By Loay Mudhoon
08 07 2013
There's no question – the military coup centred on Defence Minister Abdel-Fattah al-Sisi was cleverly staged. Flanked by the highest religious authorities in the country – the Grand Sheikh Ahmed el-Tayeb of Al-Azhar University, Coptic Pope Tawadros II, the internationally respected opposition politician and Nobel Peace Prize laureate Mohammed ElBaradei, plus representatives of the Tamarod movement – the army chief announced the end of the failed presidency of Mohammed Morsi and the suspension of the constitution.
But this skilful staging cannot disguise the fact that this putsch against a democratically-elected president has set a dangerous precedent.
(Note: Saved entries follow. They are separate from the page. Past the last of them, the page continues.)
(* Let $\mathcal{M}$ be a small $n$-abelian category, let $M\in(\mathcal{M},\mathcal{G})$ be a mono functor and let $M\hookrightarrow E$ be an essential extension of $M$ in $(\mathcal{M},\mathcal{G})$. Then $E$ is a mono functor.
   Context: $\mathcal{G}$ is the category of abelian groups and $(\mathcal{M},\mathcal{G})$ the abelian category of additive covariant functors $\mathcal{M}\to\mathcal{G}$. A functor $F\in(\mathcal{M},\mathcal{G})$ is a mono functor if $F(f)$ is injective for every monomorphism $f$ of $\mathcal{M}$. A monomorphism $A\to B$ is an essential extension if for every nonzero monomorphism $B'\to B$ the images of $A\to B$ and $B'\to B$ have nonzero intersection. An $n$-abelian category is an idempotent complete additive category in which every morphism has an $n$-kernel and an $n$-cokernel, and in which every monomorphism (resp. epimorphism) together with any of its $n$-cokernels (resp. $n$-kernels) forms an $n$-exact sequence. *)

From HB Require Import structures.
From mathcomp Require Import all_boot all_algebra.
Set Implicit Arguments. Unset Strict Implicit. Unset Printing Implicit Defensive.
Import GRing.Theory.
Local Open Scope ring_scope.

(* ---------- Preadditive categories (Ab-enriched), composition written
   in diagrammatic order: comp f g = g o f. ---------- *)
Record precat := PreCat {
  Ob : Type;
  Hom : Ob -> Ob -> zmodType;
  idm : forall A, Hom A A;
  comp : forall A B D, Hom A B -> Hom B D -> Hom A D;
  compA : forall A B D E (f : Hom A B) (g : Hom B D) (h : Hom D E),
      comp f (comp g h) = comp (comp f g) h;
  comp1m : forall A B (f : Hom A B), comp (idm A) f = f;
  compm1 : forall A B (f : Hom A B), comp f (idm B) = f;
  compDl : forall A B D (f f' : Hom A B) (g : Hom B D),
      comp (f + f') g = comp f g + comp f' g;
  compDr : forall A B D (f : Hom A B) (g g' : Hom B D),
      comp f (g + g') = comp f g + comp f g'
}.
Arguments Hom : clear implicits.
Arguments idm {_} A.
Arguments comp {_ A B D} f g.

Definition opcat (C : precat) : precat :=
  @PreCat (Ob C) (fun A B => Hom C B A) (@idm C)
    (fun A B D f g => comp g f)
    (fun A B D E f g h => esym (compA h g f))
    (fun A B f => compm1 f)
    (fun A B f => comp1m f)
    (fun A B D f f' g => compDr g f f')
    (fun A B D f g g' => compDl g g' f).

Unset Implicit Arguments.
Section Cat.
Variable C : precat.

Definition is_mono {A B : Ob C} (f : Hom C A B) : Prop :=
  forall Y (g h : Hom C Y A), comp g f = comp h f -> g = h.

Definition is_additive : Prop :=
  (exists Z : Ob C, idm Z = 0) /\
  forall A B : Ob C, exists (P : Ob C) (i1 : Hom C A P) (i2 : Hom C B P)
                            (p1 : Hom C P A) (p2 : Hom C P B),
    [/\ comp i1 p1 = idm A, comp i2 p2 = idm B,
        comp i1 p2 = 0, comp i2 p1 = 0 &
        comp p1 i1 + comp p2 i2 = idm P].

Definition idempotent_complete : Prop :=
  forall (A : Ob C) (e : Hom C A A), comp e e = e ->
    exists (B : Ob C) (r : Hom C A B) (s : Hom C B A),
      comp r s = e /\ comp s r = idm B.

(* A sequence X^0 -> X^1 -> X^2 -> ... (only X^0 .. X^{n+1} matter). *)
(* (d^1,...,d^n) is an n-cokernel of d^0: for every Y the sequence
   0 -> C(X^{n+1},Y) -> C(X^n,Y) -> ... -> C(X^1,Y) -> C(X^0,Y) is exact. *)
Definition is_ncoker (n : nat) (X : nat -> Ob C)
    (d : forall k, Hom C (X k) (X k.+1)) : Prop :=
  (forall k, (k < n)%N -> comp (d k) (d k.+1) = 0) /\
  forall Y : Ob C,
    (forall g : Hom C (X n.+1) Y, comp (d n) g = 0 -> g = 0) /\
    (forall k, (k < n)%N -> forall g : Hom C (X k.+1) Y,
        comp (d k) g = 0 -> exists h : Hom C (X k.+2) Y, g = comp (d k.+1) h).

(* (d^0,...,d^{n-1}) is an n-kernel of d^n: for every Y the sequence
   0 -> C(Y,X^0) -> C(Y,X^1) -> ... -> C(Y,X^{n+1}) is exact. *)
Definition is_nker (n : nat) (X : nat -> Ob C)
    (d : forall k, Hom C (X k) (X k.+1)) : Prop :=
  (forall k, (k < n)%N -> comp (d k) (d k.+1) = 0) /\
  forall Y : Ob C,
    (forall g : Hom C Y (X 0), comp g (d 0) = 0 -> g = 0) /\
    (forall k, (k < n)%N -> forall g : Hom C Y (X k.+1),
        comp g (d k.+1) = 0 -> exists h : Hom C Y (X k), g = comp h (d k)).

Definition is_nexact (n : nat) (X : nat -> Ob C)
    (d : forall k, Hom C (X k) (X k.+1)) : Prop :=
  is_ncoker n X d /\ is_nker n X d.

Definition cobj (A B : Ob C) (Y : nat -> Ob C) (k : nat) : Ob C :=
  match k with 0 => A | 1 => B | (j.+2)%N => Y j end.

Definition cmor {A B : Ob C} (f : Hom C A B) {Y : nat -> Ob C}
    (e0 : Hom C B (Y 0)) (e : forall j, Hom C (Y j) (Y j.+1)) :
    forall k, Hom C (cobj A B Y k) (cobj A B Y k.+1) :=
  fun k => match k as k0 return Hom C (cobj A B Y k0) (cobj A B Y k0.+1) with
           | 0 => f | 1 => e0 | (j.+2)%N => e j end.

Definition has_ncokernels (n : nat) : Prop :=
  forall (A B : Ob C) (f : Hom C A B),
    exists (Y : nat -> Ob C) (e0 : Hom C B (Y 0)) (e : forall j, Hom C (Y j) (Y j.+1)),
      is_ncoker n (cobj A B Y) (cmor f e0 e).

Definition mono_ncoker_exact (n : nat) : Prop :=
  forall (A B : Ob C) (f : Hom C A B), is_mono f ->
    forall (Y : nat -> Ob C) (e0 : Hom C B (Y 0)) (e : forall j, Hom C (Y j) (Y j.+1)),
      is_ncoker n (cobj A B Y) (cmor f e0 e) ->
      is_nexact n (cobj A B Y) (cmor f e0 e).
End Cat.

(* n-abelian category (Jasso).  n-kernels, epimorphisms and the axiom
   (A2^op) are expressed via the opposite category: an n-kernel of f in C
   is exactly an n-cokernel of f in C^op (with the sequence reversed),
   an epimorphism is a monomorphism of C^op, and n-exactness is self-dual. *)
Definition n_abelian (n : nat) (C : precat) : Prop :=
  [/\ is_additive C, idempotent_complete C,
      has_ncokernels C n /\ has_ncokernels (opcat C) n &
      mono_ncoker_exact C n /\ mono_ncoker_exact (opcat C) n].

Record addfunctor (C : precat) := AddFunctor {
  Fob : Ob C -> zmodType;
  Fmap : forall A B : Ob C, Hom C A B -> Fob A -> Fob B;
  Fmap_id : forall A (x : Fob A), Fmap A A (idm A) x = x;
  Fmap_comp : forall A B D (f : Hom C A B) (g : Hom C B D) (x : Fob A),
      Fmap A D (comp f g) x = Fmap B D g (Fmap A B f x);
  Fmap_hom : forall A B (f : Hom C A B) (x y : Fob A),
      Fmap A B f (x + y) = Fmap A B f x + Fmap A B f y;
  Fmap_add : forall A B (f g : Hom C A B) (x : Fob A),
      Fmap A B (f + g) x = Fmap A B f x + Fmap A B g x
}.
Arguments Fmap {C} _ {A B} _ _.
Arguments Fob {C} _ _.

Record nattrans {C : precat} (F G : addfunctor C) := NatTrans {
  ntc : forall A : Ob C, Fob F A -> Fob G A;
  ntc_hom : forall A (x y : Fob F A), ntc A (x + y) = ntc A x + ntc A y;
  ntc_nat : forall A B (f : Hom C A B) (x : Fob F A),
      ntc B (Fmap F f x) = Fmap G f (ntc A x)
}.
Arguments ntc {C F G} _ _ _.

Section FunCat.
Variable C : precat.

Definition nt_mono {F G : addfunctor C} (a : nattrans F G) : Prop :=
  forall (H : addfunctor C) (b b' : nattrans H F),
    (forall A x, ntc a A (ntc b A x) = ntc a A (ntc b' A x)) ->
    forall A x, ntc b A x = ntc b' A x.

Definition nt_nonzero {F G : addfunctor C} (a : nattrans F G) : Prop :=
  exists A x, ntc a A x != 0.

Definition essential_ext {F G : addfunctor C} (a : nattrans F G) : Prop :=
  nt_mono a /\
  forall (G' : addfunctor C) (b : nattrans G' G), nt_mono b -> nt_nonzero b ->
    exists (A : Ob C) (x : Fob F A) (y : Fob G' A),
      ntc a A x = ntc b A y /\ ntc a A x != 0.

Definition mono_functor (F : addfunctor C) : Prop :=
  forall (A B : Ob C) (f : Hom C A B), is_mono C f -> injective (Fmap F f).
End FunCat.

(* Suppose f : A -> B is a monomorphism and 0 <> x in E(A) with E(f) x = 0.
   The subfunctor of E generated by x is nonzero, so by essentiality some
   nonzero i(m), m in M(A'), equals E(g) x for a morphism g : A -> A'.  In an
   n-abelian category f and g fit into a commutative square g f' = f g' with
   f' mono (take the first map of an n-cokernel of [f, -g] : A -> B (+) A').
   Then i(M(f') m) = E(g') E(f) x = 0, so M(f') m = 0 and m = 0 because M is
   a mono functor: a contradiction. *)
From HB Require Import structures.
From Pilot Require Import Defs.
From mathcomp Require Import all_boot all_algebra.
From Stdlib Require Import ClassicalEpsilon.
Import GRing.Theory.
Local Open Scope ring_scope.

Section AdditiveMaps.
Variables (U V : zmodType) (f : U -> V).
Hypothesis fD : {morph f : x y / x + y}.

Lemma morphD_0 : f 0 = 0.
Proof. by apply: (addrI (f 0)); rewrite -fD !addr0. Qed.

Lemma morphD_B : {morph f : x y / x - y}.
Proof.
move=> x y; apply: (addrI (f y)).
by rewrite -fD addrC subrK addrC subrK.
Qed.
End AdditiveMaps.
Arguments morphD_0 {U V f}.
Arguments morphD_B {U V f}.

HB.instance Definition _ (C : precat) (F : addfunctor C) (A B : Ob C)
    (f : Defs.Hom C A B) :=
  GRing.isZmodMorphism.Build _ _ (Fmap F f) (morphD_B (@Fmap_hom C F A B f)).

HB.instance Definition _ (C : precat) (F G : addfunctor C) (a : nattrans F G)
    (A : Ob C) :=
  GRing.isZmodMorphism.Build _ _ (ntc a A) (morphD_B (@ntc_hom C F G a A)).

Section PreadditiveCategory.
Variable C : precat.

Lemma comp0m A B D (g : Defs.Hom C B D) : Defs.comp (0 : Defs.Hom C A B) g = 0.
Proof. exact: (morphD_0 (fun u v => @Defs.compDl C A B D u v g)). Qed.

Lemma compm0 A B D (f : Defs.Hom C A B) : Defs.comp f (0 : Defs.Hom C B D) = 0.
Proof. exact: (morphD_0 (@Defs.compDr C A B D f)). Qed.

Lemma compBl A B D (f f' : Defs.Hom C A B) (g : Defs.Hom C B D) :
  Defs.comp (f - f') g = Defs.comp f g - Defs.comp f' g.
Proof. exact: (morphD_B (fun u v => @Defs.compDl C A B D u v g)). Qed.

Lemma monoP A B (f : Defs.Hom C A B) :
  (forall Y (t : Defs.Hom C Y A), Defs.comp t f = 0 -> t = 0) -> is_mono C f.
Proof.
move=> f0 Y g h e; apply/eqP; rewrite -subr_eq0; apply/eqP.
by apply: f0; rewrite compBl e subrr.
Qed.

Lemma Fmap0f (F : addfunctor C) A B (x : Fob F A) :
  Fmap F (0 : Defs.Hom C A B) x = 0.
Proof. exact: (morphD_0 (fun u v => @Fmap_add C F A B u v x)). Qed.

Lemma FmapBf (F : addfunctor C) A B (f g : Defs.Hom C A B) (x : Fob F A) :
  Fmap F (f - g) x = Fmap F f x - Fmap F g x.
Proof. exact: (morphD_B (fun u v => @Fmap_add C F A B u v x)). Qed.
End PreadditiveCategory.

Section WeakPushout.
Variables (n : nat) (C : precat).
Hypotheses (n_gt0 : (0 < n)%N) (C_additive : is_additive C).
Hypotheses (C_ncoker : has_ncokernels C n) (C_mono_exact : mono_ncoker_exact C n).

(* The first map e0 of an n-cokernel of the mono h := [f, -g] : A -> B (+) X
   is a cokernel of h with kernel h; its components form the square. *)
Lemma mono_weak_pushout {A B X} (f : Defs.Hom C A B) (g : Defs.Hom C A X) :
  is_mono C f ->
  exists (Y : Ob C) (f' : Defs.Hom C X Y) (g' : Defs.Hom C B Y),
    is_mono C f' /\ Defs.comp g f' = Defs.comp f g'.
Proof.
move=> f_mono; have [_ biprod] := C_additive.
have [P [i1 [i2 [p1 [p2 [i1p1 i2p2 _ i2p1 _]]]]]] := biprod B X.
pose h := Defs.comp f i1 - Defs.comp g i2.
have hp1 : Defs.comp h p1 = f.
  by rewrite /h compBl -!Defs.compA i1p1 i2p1 Defs.compm1 compm0 subr0.
have h_mono : is_mono C h.
  by move=> Z s s' e; apply: f_mono; rewrite -hp1 !Defs.compA e.
have [Y [e0 [e h_coker]]] := C_ncoker _ _ h.
have [[h_complex _] [_ h_ker]] := C_mono_exact _ _ _ h_mono _ _ _ h_coker.
have he0 : Defs.comp h e0 = 0 := h_complex 0%N n_gt0.
exists (Y 0%N), (Defs.comp i2 e0), (Defs.comp i1 e0); split.
  apply: monoP => Z t te0.
  have [s ts] := (h_ker Z).2 0%N n_gt0 (Defs.comp t i2) (etrans (esym (Defs.compA _ _ _)) te0).
  have s0 : s = 0.
    apply: f_mono; rewrite comp0m -hp1 Defs.compA -ts.
    by rewrite -Defs.compA i2p1 compm0.
  by rewrite -[t]Defs.compm1 -i2p2 Defs.compA ts s0 !comp0m.
apply/eqP; rewrite eq_sym -subr_eq0 !Defs.compA -compBl.
by rewrite -/h he0.
Qed.
End WeakPushout.
Arguments mono_weak_pushout {n C} _ _ _ _ {A B X}.

Section RepresentableFunctor.
Variables (C : precat) (A : Ob C).

Definition hom_functor : addfunctor C.
Proof.
refine (@AddFunctor C (fun X => Defs.Hom C A X) (fun X Y g h => Defs.comp h g)
  _ _ _ _).
- by move=> X h; rewrite Defs.compm1.
- by move=> X Y Z f g h; rewrite Defs.compA.
- by move=> X Y f a b; rewrite Defs.compDl.
- by move=> X Y f g a; rewrite Defs.compDr.
Defined.

Definition yoneda_nt (F : addfunctor C) (x : Fob F A) : nattrans hom_functor F.
Proof.
refine (@NatTrans C hom_functor F (fun X h => Fmap F h x) _ _).
- by move=> X a b; rewrite Fmap_add.
- by move=> X Y f h; rewrite /= Fmap_comp.
Defined.
End RepresentableFunctor.
Arguments yoneda_nt {C A F}.

(* Test a mono natural transformation on the two Yoneda maps C(A,-) -> F. *)
Lemma nt_mono_inj {C : precat} {F G : addfunctor C} {a : nattrans F G} :
  nt_mono C a -> forall A, injective (ntc a A).
Proof.
move=> a_mono A x1 x2 e.
have := a_mono _ (yoneda_nt x1) (yoneda_nt x2) _ A (Defs.idm A).
rewrite /= !Fmap_id; apply=> X h /=.
by rewrite !ntc_nat e.
Qed.

Definition pbool (P : Prop) : bool := if excluded_middle_informative P then true else false.

Lemma pboolP (P : Prop) : reflect P (pbool P).
Proof. by rewrite /pbool; case: excluded_middle_informative => p; constructor. Qed.

Section GeneratedSubfunctor.
Variables (C : precat) (E : addfunctor C) (A : Ob C) (x : Fob E A).

Section Component.
Variable X : Ob C.

Definition gen_pred : pred (Fob E X) :=
  fun y => pbool (exists g : Defs.Hom C A X, y = Fmap E g x).

Lemma gen_pred_zmod_closed : zmod_closed gen_pred.
Proof.
split; first by apply/pboolP; exists 0; rewrite Fmap0f.
move=> u v /pboolP[g ->] /pboolP[h ->].
by apply/pboolP; exists (g - h); rewrite FmapBf.
Qed.

HB.instance Definition _ :=
  GRing.isZmodClosed.Build (Fob E X) gen_pred gen_pred_zmod_closed.

Record gen_sub := GenSub { gen_val : Fob E X; gen_valP : gen_val \in gen_pred }.
HB.instance Definition _ := [isSub for gen_val].
HB.instance Definition _ := [Choice of gen_sub by <:].
HB.instance Definition _ := [SubChoice_isSubZmodule of gen_sub by <:].
End Component.
Arguments gen_val {X}.
Arguments GenSub {X gen_val}.

Lemma gen_map_subproof {X Y} (g : Defs.Hom C X Y) (y : gen_sub X) :
  Fmap E g (gen_val y) \in gen_pred Y.
Proof.
case: y => y /= /pboolP[h ->]; apply/pboolP.
by exists (Defs.comp h g); rewrite Fmap_comp.
Qed.

Definition gen_functor : addfunctor C.
Proof.
refine (@AddFunctor C gen_sub
  (fun X Y g y => GenSub (gen_map_subproof g y)) _ _ _ _).
- by move=> X y; apply: val_inj; rewrite /= Fmap_id.
- by move=> X Y Z f g y; apply: val_inj; rewrite /= Fmap_comp.
- by move=> X Y f a b; apply: val_inj; rewrite /= Fmap_hom.
- by move=> X Y f g a; apply: val_inj; rewrite /= Fmap_add.
Defined.

Definition gen_incl : nattrans gen_functor E.
Proof. by refine (@NatTrans C gen_functor E (fun X y => gen_val y) _ _). Defined.

Lemma gen_incl_mono : nt_mono C gen_incl.
Proof. by move=> H b b' bb' X y; apply: val_inj; apply: bb'. Qed.

Lemma gen_incl_nonzero : x != 0 -> nt_nonzero C gen_incl.
Proof.
move=> x_neq0; have x_gen : x \in gen_pred A.
  by apply/pboolP; exists (Defs.idm A); rewrite Fmap_id.
by exists A, (GenSub x_gen).
Qed.

Lemma gen_inclP X (y : gen_sub X) : exists g, ntc gen_incl X y = Fmap E g x.
Proof. by case: y => y /= /pboolP. Qed.
End GeneratedSubfunctor.
Arguments gen_incl_mono {C E A}.
Arguments gen_incl_nonzero {C E A x}.
Arguments gen_inclP {C E A x X}.

Theorem mainTheorem4 (n : nat) (Hn : (0 < n)%N) (C : precat)
    (HC : n_abelian n C) (M E : addfunctor C) (i : nattrans M E) :
  mono_functor C M -> essential_ext C i -> mono_functor C E.
Proof.
move=> M_mono [i_mono i_ess] A B f f_mono; apply: raddf_inj => x fx0.
apply/eqP; apply: contraT => x_neq0.
have [A' [m [y [im_y im_neq0]]]] :=
  i_ess _ _ (gen_incl_mono x) (gen_incl_nonzero x_neq0).
have [g y_def] := gen_inclP y.
have [HCadd _ [HCcoker _] [HCexact _]] := HC.
have [Y [f' [g' [f'_mono sq]]]] :=
  mono_weak_pushout Hn HCadd HCcoker HCexact f g f_mono.
have m0 : m = 0.
  apply: (M_mono _ _ _ f'_mono); rewrite raddf0.
  apply: (nt_mono_inj i_mono); rewrite raddf0 ntc_nat im_y y_def.
  by rewrite -Fmap_comp sq Fmap_comp fx0 raddf0.
by move: im_neq0; rewrite m0 raddf0 eqxx.
Qed.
It's by no means a "second revolution", as representatives of the anti-Morsi opposition movement claim.
The power struggle between the Islamist and "liberal" camps was not decided by the successful mass mobilization of June 30, but by the intervention of the army. We have found out since the events that the army leadership's decision to act against Morsi was taken some days before the mass protests.
Even the opportunistic participation of the Salafist al-Nour party ("the Party of Light"), as a representative of the Islamist camp in the militarily organized "disempowerment ceremony", does not change that. For this reason it is important that we give this seizure of power by the Egyptian military its rightful name: it was an illegal putsch and a blow to the democratization process.
There is no doubt that Morsi showed himself incapable of governing what is the largest Arab country in the world. Above all, he failed dismally to unify this politically divided country and become the president of all Egyptians. There was probably no way around that, seeing that he was only elected by a narrow majority in the election a year ago.
On top of this, the apparent inability of his government to work efficiently to end the urgent economic problems affecting the population was also devastating. It did precious little to combat the high unemployment, inflation, and the shortage of fuel.
But was the army's intervention even necessary to cut short Morsi's tenure? When one considers that Morsi's authority was already eroding following the mega-demonstrations, one has to doubt it.
A Questionable Alliance against Morsi
Now it is clear that the anti-Morsi alliance has missed a historic chance to allow the Muslim Brotherhood – the main representatives of Islamism – to truly fail politically. Instead, the Islamists have been handed a chance to create a new myth of martyrdom for themselves. Following their experiences in Algeria in 1992, when army generals denied the Islamic Salvation Front an electoral victory, the Cairo Islamists of 2013 will be able to claim that whenever they win a democratic victory, they are forcibly removed.
It is also not at all clear whether the heterogeneous and chronically divided anti-Morsi opposition was in a position to challenge the Islamists politically. By refusing to take part in any dialogue with the ex-president, and by announcing that they were going to boycott the parliamentary elections planned in spring, they contributed to the blockade that stalled the country. Their alliance with henchmen from the old, discredited Mubarak regime also throws up some uncomfortable questions.
If the so-called "anti-Morsi alliance" believes that the military was simply carrying out the will of the people and acting in the spirit of democracy, then it is simply naïve: the generals' main aim is to defend their privileges. The army is a well-known hive of corruption and controls at least a quarter of the Egyptian economy. And when it was in power during the first two years following Mubarak's fall, it completely failed in the administration of the state.
The removal of Morsi not only intensifies the polarization of Egypt. It threatens to make a country of some 90 million people completely ungovernable and places it on the edge of collapse. In order to stop that from coming about, all the political forces must be brought into a new transition process – especially the Muslim Brotherhood, which remains the best-organized power in the country. Any attempts to establish a new political order in a post-Morsi Egypt without them can have little chance of success.
For that reason, German and European governments should call for the witch hunt against the Muslim Brothers and their leadership to be stopped immediately – and for the generals to make good on their promises of a new constitution and imminent elections.